Lecture 20: Recursion & Induction
1 Purpose
Talk about recursion, templates, induction principles, etc.
2 Outline
In Discrete, you learned about mathematical proofs by induction. e.g., a proof you may have done goes something like this:
Prove that the number of subsets of a set of n items is 2^n.
We proceed by induction over n, a natural number.
In the base case, when n = 0, we have no items, so there is one subset, the empty set \emptyset, and so we are done, since 2^0 is 1.
In the inductive case, we consider arbitrary n = k + 1.
Now, our inductive hypothesis is that there are 2^k subsets of a set of k items. To show that there are 2^{k+1} = 2 * 2^k subsets if you add one more item, its sufficient to copy all the subsets and either include or exclude the new item in each copy.
That’s induction. How does this connect to recursion?
Well, the exact same proof can be written as a functional program, over numbers, that follows the "template" for natural numbers. Here we use lists to represent sets, for syntactic convenience, and to be able to identify the "items", we’ll use numbers: in particular, the kth item will be the number k.

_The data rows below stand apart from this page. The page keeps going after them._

(* Let $n\geq 2$ be finite. Then $TA_n=\mathbf{HSP}\,RTA_n=PTA_n$. In particular every $\mathfrak{A}\models\Sigma_n$ is isomorphic to a subdirect product of algebras $\wp(D)$ with $D$ permutable, and for every nonzero $a\in\mathfrak A$ there is a homomorphism $h:\mathfrak{A}\to\wp(S_n)$ with $h(a)\neq\emptyset$, where $S_n\subseteq{}^nn$ is the set of permutations of $n$.
   Context: For a set $U$, $[i,j]$ is the transposition of $n$ swapping $i,j$; the full transposition set algebra with base $U$ is $\langle\mathcal{P}({}^nU);\cap,-,S_{ij}\rangle_{i\neq j\in n}$ with $S_{ij}(X)=\{q\in{}^nU:q\circ[i,j]\in X\}$; $RTA_n$ is the class of subalgebras of direct products of such algebras. A set $D\subseteq{}^nU$ is permutable if $s\in D$ implies $s\circ[i,j]\in D$ for all $i\neq j<n$. For permutable $D$, $\wp(D)=\langle\mathcal{P}(D);\cap,-,S_{ij}\rangle$ with complement relative to $D$ and $S_{ij}(X)=\{q\in D:q\circ[i,j]\in X\}$; $PTA_n=\mathbf{SP}\{\wp(D):D\text{ permutable}\}$. $\Sigma_n$ is the following set of equations in the signature $(\wedge,-,s_{ij})_{i\neq j<n}$: the Boolean algebra axioms; $s_{ij}(x\wedge y)=s_{ij}x\wedge s_{ij}y$; $s_{ij}(-x)=-s_{ij}x$; and $t_1(x)=t_2(x)$ for all words $t_1=s_{i_1j_1}\cdots s_{i_kj_k}$, $t_2=s_{k_1l_1}\cdots s_{k_ml_m}$ with $[i_1,j_1]\circ\dots\circ[i_k,j_k]=[k_1,l_1]\circ\dots\circ[k_m,l_m]$ in $S_n$ (the paper gives these via the finite Coxeter presentation of $S_n$: $s_{ij}s_{ij}x=x$, $s_{i,i+1}s_{j,j+1}x=s_{j,j+1}s_{i,i+1}x$ for $|i-j|\geq2$, $s_{i,i+1}s_{i+1,i+2}s_{i,i+1}x=s_{i+1,i+2}s_{i,i+1}s_{i+1,i+2}x$). $TA_n=\mathbf{Mod}(\Sigma_n)$. *)

From mathcomp Require Import all_boot all_fingroup.
Set Implicit Arguments. Unset Strict Implicit. Unset Printing Implicit Defensive.

(* The operation s is given
   for all pairs (i,j); only pairs with i != j are part of the signature:
   axioms and homomorphisms only mention s i j with i != j. *)
Record talg (n : nat) := TAlg {
  carrier :> Type;
  meet : carrier -> carrier -> carrier;
  compl : carrier -> carrier;
  subst : 'I_n -> 'I_n -> carrier -> carrier }.

Arguments meet {n A} : rename.
Arguments compl {n A} : rename.
Arguments subst {n A} : rename.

Focus first on the program; come back to the signature.
(: subsets-proof (Function (arguments (n Natural)) (result (AllOf (List (List Natural)) (lambda (l) (= (length l) (expt 2 n))))))) (define (subsets-proof n) (cond [(zero? n) (list (list))] [else (let* ([k (sub1 n)] [ksubsets (subsets-proof k)]) (append ksubsets (map (lambda (s) (cons n s)) ksubsets)))])) (check-contract subsets-proof) 1 success(es) 0 failure(s) 0 error(s) 1 test(s) run
In particular, you can see the exact same base case and inductive cases: they are the two branches of the cond. In the inductive case, we take our inductive hypothesis (a recursive call), and then produce the result by including all those elements, plus another copy where we added the new element to each.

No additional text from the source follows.